For the records below, print the lines from the line with "Lemma sqnormD x" through the line with "Proof. by rewrite /sqnorm ipZl ipZr mulrA" exactly as written; include both end lines and exclude the rest.

=== Section Start ===

(* Let $H$ be a complex separable Hilbert space and let $S,T\in B(H)$ be normal operators with Cartesian decompositions $S=A+iC$ and $T=B+iD$ ($A,B,C,D$ self-adjoint) such that $C$ and $D$ are positive. Then $$\|ST-TS\|\le \frac12\sqrt{4\|A\|^2+\|C\|^2}\,\sqrt{4\|B\|^2+\|D\|^2}.$$
   Context: $B(H)$ denotes the algebra of bounded linear operators on $H$ with the operator norm. The Cartesian decomposition of $S\in B(H)$ is $S=A+iC$ with $A=\frac{S+S^*}{2}$ and $C=\frac{S-S^*}{2i}$ self-adjoint. *)

From mathcomp Require Import all_boot all_order all_algebra.
From mathcomp Require Import classical_sets reals.
From mathcomp Require Import complex.
Set Implicit Arguments. Unset Strict Implicit. Unset Printing Implicit Defensive.
Import Order.TTheory GRing.Theory Num.Theory.
Local Open Scope ring_scope.
Local Open Scope complex_scope.
Local Open Scope classical_set_scope.

Section Hilbert.
Variables (R : realType) (V : lmodType R[i]).

Definition is_inner_product (ip : V -> V -> R[i]) : Prop :=
  [/\ forall (a : R[i]) (x y z : V), ip (a *: x + y) z = a * ip x z + ip y z,
      forall x y : V, ip y x = (ip x y)^*,
      forall x : V, 0 <= ip x x &
      forall x : V, ip x x = 0 -> x = 0].

Definition ipnorm (ip : V -> V -> R[i]) (x : V) : R := Num.sqrt (complex.Re (ip x x)).

Definition ip_complete (ip : V -> V -> R[i]) : Prop :=
  forall u : nat -> V,
    (forall e : R, 0 < e -> exists N, forall m n, (N <= m)%N -> (N <= n)%N ->
        ipnorm ip (u m - u n) < e) ->
    exists l : V, forall e : R, 0 < e -> exists N, forall n, (N <= n)%N ->
        ipnorm ip (u n - l) < e.

Definition ip_separable (ip : V -> V -> R[i]) : Prop :=
  exists d : nat -> V, forall (x : V) (e : R), 0 < e ->
    exists n, ipnorm ip (x - d n) < e.

Definition separable_hilbert (ip : V -> V -> R[i]) : Prop :=
  [/\ is_inner_product ip, ip_complete ip & ip_separable ip].

Definition bounded_op (ip : V -> V -> R[i]) (T : V -> V) : Prop :=
  (forall (a : R[i]) (x y : V), T (a *: x + y) = a *: T x + T y) /\
  exists M : R, forall x, ipnorm ip (T x) <= M * ipnorm ip x.

Definition is_adjoint (ip : V -> V -> R[i]) (T Ts : V -> V) : Prop :=
  forall x y : V, ip (T x) y = ip x (Ts y).

Definition opnorm (ip : V -> V -> R[i]) (T : V -> V) : R :=
  reals.sup [set ipnorm ip (T x) | x in [set x | ipnorm ip x <= 1]].

Definition re_part (S Ss : V -> V) : V -> V := fun x => 2^-1 *: (S x + Ss x).
Definition im_part (S Ss : V -> V) : V -> V :=
  fun x => (2 * 'i)^-1 *: (S x - Ss x).

Definition positive_op (ip : V -> V -> R[i]) (C : V -> V) : Prop :=
  forall x : V, 0 <= ip (C x) x.

End Hilbert.

(* Write S = A + iC.  Normality makes A and C commute, so for real r
   ||(S - ir)x||^2 = ||Ax||^2 + ||(C - r)x||^2.  Since 0 <= C <= ||C||, we have
   C^2 <= ||C|| C, hence ||(C - ||C||/2)x|| <= ||C||/2 ||x|| and
   ||S - i||C||/2|| <= sqrt(4||A||^2 + ||C||^2)/2.  The commutator is unchanged
   when S and T are shifted by scalars, and ||PQ - QP|| <= 2||P|| ||Q||. *)

From HB Require Import structures.
From mathcomp Require Import all_boot all_order all_algebra.
From mathcomp Require Import classical_sets reals.
From mathcomp Require Import complex.
From mathcomp Require Import ring lra.
Set Implicit Arguments. Unset Strict Implicit. Unset Printing Implicit Defensive.
Import Order.TTheory GRing.Theory Num.Theory.
Local Open Scope ring_scope.
Local Open Scope complex_scope.

Local Notation Re := complex.Re.
Local Notation Im := complex.Im.

Section ComplexFacts.
Variable R : rcfType.
Implicit Types (t : R) (z w : R[i]).

Lemma ReD z w : Re (z + w) = Re z + Re w. Proof. by case: z; case: w. Qed.
Lemma ReN z : Re (- z) = - Re z. Proof. by case: z. Qed.
Lemma ImD z w : Im (z + w) = Im z + Im w. Proof. by case: z; case: w. Qed.
Lemma ImN z : Im (- z) = - Im z. Proof. by case: z. Qed.
Lemma ReMr t z : Re (t%:C * z) = t * Re z. Proof. by case: z => a b; simpc. Qed.
Lemma ImMr t z : Im (t%:C * z) = t * Im z. Proof. by case: z => a b; simpc. Qed.
Lemma ReJ z : Re (conjc z) = Re z. Proof. by case: z. Qed.
Lemma Re_conji_mul z : Re (conjc 'i * z) = Im z. Proof. by case: z => a b; simpc. Qed.

Lemma Im_eq0_conj z : conjc z = z -> Im z = 0.
Proof. by case: z => a b /= [] ?; lra. Qed.

Lemma ge0_Re z : 0 <= z -> 0 <= Re z.
Proof. by rewrite lecE => /andP[]. Qed.

Lemma ge0_complexRe z : 0 <= z -> z = (Re z)%:C.
Proof. by case: z => a b; rewrite lecE /= => /andP[/eqP ->]. Qed.

Lemma conjc_half : conjc (2^-1 : R[i]) = 2^-1.
Proof. by rewrite conjc_inv conjc_nat. Qed.

Lemma conjc_halfi : conjc ((2 * 'i)^-1 : R[i]) = - (2 * 'i)^-1.
Proof.
rewrite conjc_inv -invrN; congr (_^-1).
by apply/eqP; rewrite eq_complex /= !(mulr0, addr0, mul0r, subr0, oppr0) !eqxx.
Qed.

Lemma mulc_iJ : 'i * conjc 'i = 1 :> R[i].
Proof.
by apply/eqP; rewrite eq_complex /= !(mulr0, mul0r, subr0, add0r, mulrN1, opprK, oppr0) !eqxx.
Qed.

End ComplexFacts.

Lemma sqrtr_le_sqr (R : rcfType) (a o : R) : 0 <= o ->
  (Num.sqrt a <= o) = (a <= o ^+ 2).
Proof. by move=> o0; rewrite -[in RHS]ler_sqrt ?exprn_ge0 // sqrtr_sqr ger0_norm. Qed.

Section LinearFacts.
Variables (K : pzRingType) (U W : lmodType K) (f : U -> W).
Hypothesis f_lin : linear f.

Let fL : {linear U -> W} := HB.pack f (GRing.isLinear.Build K U W *:%R f f_lin).

Lemma lin0 : f 0 = 0. Proof. exact: (linear0 fL). Qed.
Lemma linZ a x : f (a *: x) = a *: f x. Proof. exact: (linearZ_LR fL). Qed.
Lemma linD x y : f (x + y) = f x + f y. Proof. exact: (linearD fL). Qed.
Lemma linB x y : f (x - y) = f x - f y. Proof. exact: (linearB fL). Qed.

End LinearFacts.

Definition sqnorm (R : realType) (V : lmodType R[i]) (ip : V -> V -> R[i]) (x : V) : R :=
  Re (ip x x).

Definition selfadjoint (R : realType) (V : lmodType R[i]) (ip : V -> V -> R[i])
    (C : V -> V) : Prop :=
  forall x y, ip (C x) y = ip x (C y).

Section InnerProduct.
Variables (R : realType) (V : lmodType R[i]) (ip : V -> V -> R[i]).
Hypothesis hip : is_inner_product ip.
Local Notation sqnorm := (sqnorm ip).

Lemma ipDZl a x y z : ip (a *: x + y) z = a * ip x z + ip y z. Proof. by case: hip. Qed.
Lemma ip_conj x y : ip y x = conjc (ip x y). Proof. by case: hip. Qed.
Lemma ip_ge0 x : 0 <= ip x x. Proof. by case: hip. Qed.
Lemma ip_eq0 x : ip x x = 0 -> x = 0. Proof. by case: hip => _ _ _; apply. Qed.

Lemma ip0l z : ip 0 z = 0.
Proof. by have := ipDZl (-1) 0 0 z; rewrite scaler0 addr0 mulN1r addNr. Qed.
Lemma ipZl a x z : ip (a *: x) z = a * ip x z.
Proof. by have := ipDZl a x 0 z; rewrite addr0 ip0l addr0. Qed.
Lemma ipDl x y z : ip (x + y) z = ip x z + ip y z.
Proof. by have := ipDZl 1 x y z; rewrite scale1r mul1r. Qed.
Lemma ipBl x y z : ip (x - y) z = ip x z - ip y z.
Proof. by rewrite ipDl -scaleN1r ipZl mulN1r. Qed.
Lemma ipZr a x y : ip x (a *: y) = conjc a * ip x y.
Proof. by rewrite ip_conj ipZl rmorphM /= -ip_conj. Qed.
Lemma ipDr x y z : ip x (y + z) = ip x y + ip x z.
Proof. by rewrite ip_conj ipDl rmorphD /= -!ip_conj. Qed.
Lemma ipBr x y z : ip x (y - z) = ip x y - ip x z.
Proof. by rewrite ip_conj ipBl rmorphB /= -!ip_conj. Qed.

Lemma ip_sym_Im_eq0 x y : ip x y = ip y x -> Im (ip x y) = 0.
Proof. by move=> e; apply: Im_eq0_conj; rewrite -ip_conj. Qed.

Lemma Re_ipC x y : Re (ip y x) = Re (ip x y).
Proof. by rewrite ip_conj ReJ. Qed.

Lemma ipnormE x : ipnorm ip x = Num.sqrt (sqnorm x). Proof. by []. Qed.
Lemma ip_xx x : ip x x = (sqnorm x)%:C. Proof. exact/ge0_complexRe/ip_ge0. Qed.
Lemma sqnorm_ge0 x : 0 <= sqnorm x. Proof. exact/ge0_Re/ip_ge0. Qed.
Lemma sqnorm_eq0 x : sqnorm x = 0 -> x = 0.
Proof. by move=> x0; apply: ip_eq0; rewrite ip_xx x0. Qed.
Lemma sqnorm0 : sqnorm 0 = 0. Proof. by rewrite /sqnorm ip0l. Qed.

Lemma sqnormD x y : sqnorm (x + y) = sqnorm x + sqnorm y + 2 * Re (ip x y).
Proof. by rewrite /sqnorm !(ipDl, ipDr) !ReD Re_ipC; ring. Qed.
Lemma sqnormB x y : sqnorm (x - y) = sqnorm x + sqnorm y - 2 * Re (ip x y).
Proof. by rewrite /sqnorm !(ipBl, ipBr) !(ReD, ReN) Re_ipC; ring. Qed.
Lemma sqnormZ_real t x : sqnorm (t%:C *: x) = t ^+ 2 * sqnorm x.
Proof. by rewrite /sqnorm ipZl ipZr conjc_real mulrA -rmorphM ReMr expr2. Qed.
Lemma sqnormZi x : sqnorm ('i *: x) = sqnorm x.
Proof. by rewrite /sqnorm ipZl ipZr mulrA mulc_iJ mul1r. Qed.

Lemma sqnormB_le x y : sqnorm (x - y) <= 2 * sqnorm x + 2 * sqnorm y.
Proof. by have := sqnorm_ge0 (x + y); rewrite sqnormB sqnormD; lra. Qed.

Lemma Re_ip_le t x y : 2 * t * Re (ip x y) <= t ^+ 2 * sqnorm x + sqnorm y.
Proof. by have := sqnorm_ge0 (t%:C *: x - y); rewrite sqnormB sqnormZ_real ipZl ReMr; lra. Qed.

Lemma Re_ip_le_bound (T : V -> V) (c : R) : 0 <= c ->
  (forall x, sqnorm (T x) <= c ^+ 2 * sqnorm x) ->
  forall x, Re (ip (T x) x) <= c * sqnorm x.
Proof.
move=> c_ge0 T_bd x; have [c0|c_neq0] := eqVneq c 0.
  have := T_bd x; rewrite c0 expr2 !mul0r => Tx_le0.
  suff -> : T x = 0 by rewrite ip0l.
  by apply: sqnorm_eq0; apply/eqP; rewrite eq_le Tx_le0 sqnorm_ge0.
have c_gt0 : 0 < c by rewrite lt_def c_neq0.
have le1 := Re_ip_le c^-1 (T x) x.
have le2 : c^-1 ^+ 2 * sqnorm (T x) <= sqnorm x.
  rewrite -(ler_pM2l (exprn_gt0 2 c_gt0)) mulrA -exprMn mulfV // expr1n mul1r.
  exact: T_bd.
have : c^-1 * Re (ip (T x) x) <= sqnorm x by lra.
by move/(ler_wpM2l (ltW c_gt0)); rewrite mulrA mulfV // mul1r.
Qed.

Lemma sqnorm_le_of_ipnorm_le (T : V -> V) (M : R) :
  (forall x, ipnorm ip (T x) <= M * ipnorm ip x) ->
  forall x, sqnorm (T x) <= M ^+ 2 * sqnorm x.
Proof.
move=> T_bd x; have := T_bd x; rewrite !ipnormE => le_sqrt.
rewrite -[sqnorm (T x)](sqr_sqrtr (sqnorm_ge0 _)) -[sqnorm x](sqr_sqrtr (sqnorm_ge0 _)).
rewrite -exprMn; apply: lerXn2r => //; rewrite nnegrE ?sqrtr_ge0 //.
exact: le_trans (sqrtr_ge0 _) le_sqrt.
Qed.

End InnerProduct.

Section Cartesian.
Variables (R : realType) (V : lmodType R[i]) (ip : V -> V -> R[i]).
Hypothesis hip : is_inner_product ip.
Variables (S Ss : V -> V).
Hypothesis S_adj : is_adjoint ip S Ss.
Local Notation A := (re_part S Ss).
Local Notation C := (im_part S Ss).

Lemma adjoint_ipl x y : ip (Ss x) y = ip x (S y).
Proof. by rewrite (ip_conj hip) -S_adj -(ip_conj hip). Qed.

Lemma adjoint_linear : linear Ss.
Proof.
move=> a x y; apply/eqP; rewrite -subr_eq0; apply/eqP/(ip_eq0 hip).
by rewrite (ipBr hip) (ipDr hip) (ipZr hip) -!S_adj (ipDr hip) (ipZr hip) subrr.
Qed.

Lemma re_im_partE x : S x = A x + 'i *: C x.
Proof.
have i_neq0 : 'i != 0 :> R[i] by rewrite eq_complex /= oner_eq0 andbF.
rewrite /re_part /im_part scalerA invfM mulrCA mulfV // mulr1.
rewrite -scalerDr addrACA subrr addr0 -[in RHS](scale1r (S x)) -scalerDl.
by rewrite scalerA mulVf ?scale1r // pnatr_eq0.
Qed.

Lemma re_part_selfadjoint : selfadjoint ip A.
Proof.
move=> x y; rewrite /re_part (ipZl hip) (ipZr hip) conjc_half.
by rewrite (ipDl hip) (ipDr hip) S_adj adjoint_ipl addrC.
Qed.

Lemma im_part_selfadjoint : selfadjoint ip C.
Proof.
move=> x y; rewrite /im_part (ipZl hip) (ipZr hip) conjc_halfi.
by rewrite (ipBl hip) (ipBr hip) S_adj adjoint_ipl mulNr -mulrN opprB.
Qed.

Hypothesis S_lin : linear S.

Lemma re_part_linear : linear A.
Proof.
move=> a x y; rewrite /re_part S_lin adjoint_linear !scalerDr !scalerA mulrC -!scalerA.
by rewrite -!addrA; congr (_ + _); rewrite addrCA.
Qed.

Lemma im_part_linear : linear C.
Proof.
move=> a x y; rewrite /im_part S_lin adjoint_linear !scalerBr !scalerDr !scalerA mulrC -!scalerA.
by rewrite opprD !addrA; congr (_ + _); rewrite -!addrA; congr (_ + _); rewrite addrC.
Qed.

Hypothesis S_normal : forall x, S (Ss x) = Ss (S x).

Lemma re_im_part_comm x : A (C x) = C (A x).
Proof.
rewrite /re_part /im_part !(linZ S_lin, linZ adjoint_linear).
rewrite (linB S_lin) (linB adjoint_linear) (linD S_lin) (linD adjoint_linear) S_normal.
by rewrite -!scalerDr -!scalerBr !scalerA mulrC addrA subrK opprD addrA addrK.
Qed.

(* The cross term Re <A x, i (C - r) x> = Im <A x, (C - r) x> vanishes because
   A and C are commuting self-adjoint operators. *)
Lemma sqnorm_normal_shift (r : R) x :
  sqnorm ip (S x - ('i * r%:C) *: x) = sqnorm ip (A x) + sqnorm ip (C x - r%:C *: x).
Proof.
rewrite {1}re_im_partE -addrA -scalerA -scalerBr (sqnormD hip (A x)) (sqnormZi hip).
rewrite (ipZr hip) Re_conji_mul (ipBr hip) (ipZr hip r%:C) conjc_real ImD ImN ImMr.
have AC_real : Im (ip (A x) (C x)) = 0.
  by apply: (ip_sym_Im_eq0 hip); rewrite im_part_selfadjoint -re_im_part_comm re_part_selfadjoint.
have A_real : Im (ip (A x) x) = 0.
  by apply: (ip_sym_Im_eq0 hip); rewrite re_part_selfadjoint.
by rewrite AC_real A_real mulr0 subr0 mulr0 addr0.
Qed.

Lemma sqnorm_re_im_part x : sqnorm ip (S x) = sqnorm ip (A x) + sqnorm ip (C x).
Proof. by have := sqnorm_normal_shift 0 x; rewrite mulr0 !scale0r !subr0. Qed.

End Cartesian.

Section PositiveOp.
Variables (R : realType) (V : lmodType R[i]) (ip : V -> V -> R[i]).
Hypothesis hip : is_inner_product ip.
Variables (C : V -> V) (c : R).
Hypotheses (C_lin : linear C) (C_sa : selfadjoint ip C) (C_pos : positive_op ip C).
Hypotheses (c_ge0 : 0 <= c) (C_bd : forall x, sqnorm ip (C x) <= c ^+ 2 * sqnorm ip x).

(* C^2 <= c C: expand <C u, u> >= 0 for u = c x - C x and use <C y, y> <= c |y|^2. *)
Lemma sqnorm_le_Re_ip x : sqnorm ip (C x) <= c * Re (ip (C x) x).
Proof.
have [c0|c_neq0] := eqVneq c 0.
  by have := C_bd x; rewrite c0 expr2 !mul0r.
have c_gt0 : 0 < c by rewrite lt_def c_neq0.
have CC_le := Re_ip_le_bound hip c_ge0 C_bd (C x).
have := ge0_Re (C_pos (c%:C *: x - C x)).
rewrite (linB C_lin) (linZ C_lin) (ipBl hip) !(ipBr hip) !(ipZl hip) !(ipZr hip).
rewrite conjc_real (C_sa (C x) x) !(ReD, ReN, ReMr) -/(sqnorm ip (C x)) => u_pos.
suff : 0 <= c * (c * Re (ip (C x) x) - sqnorm ip (C x)) by rewrite pmulr_rge0 // subr_ge0.
by nra.
Qed.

=== Section End ===

TASK RESULT:
Lemma sqnormD x y : sqnorm (x + y) = sqnorm x + sqnorm y + 2 * Re (ip x y).
Proof. by rewrite /sqnorm !(ipDl, ipDr) !ReD Re_ipC; ring. Qed.
Lemma sqnormB x y : sqnorm (x - y) = sqnorm x + sqnorm y - 2 * Re (ip x y).
Proof. by rewrite /sqnorm !(ipBl, ipBr) !(ReD, ReN) Re_ipC; ring. Qed.
Lemma sqnormZ_real t x : sqnorm (t%:C *: x) = t ^+ 2 * sqnorm x.
Proof. by rewrite /sqnorm ipZl ipZr conjc_real mulrA -rmorphM ReMr expr2. Qed.
Lemma sqnormZi x : sqnorm ('i *: x) = sqnorm x.
Proof. by rewrite /sqnorm ipZl ipZr mulrA mulc_iJ mul1r. Qed.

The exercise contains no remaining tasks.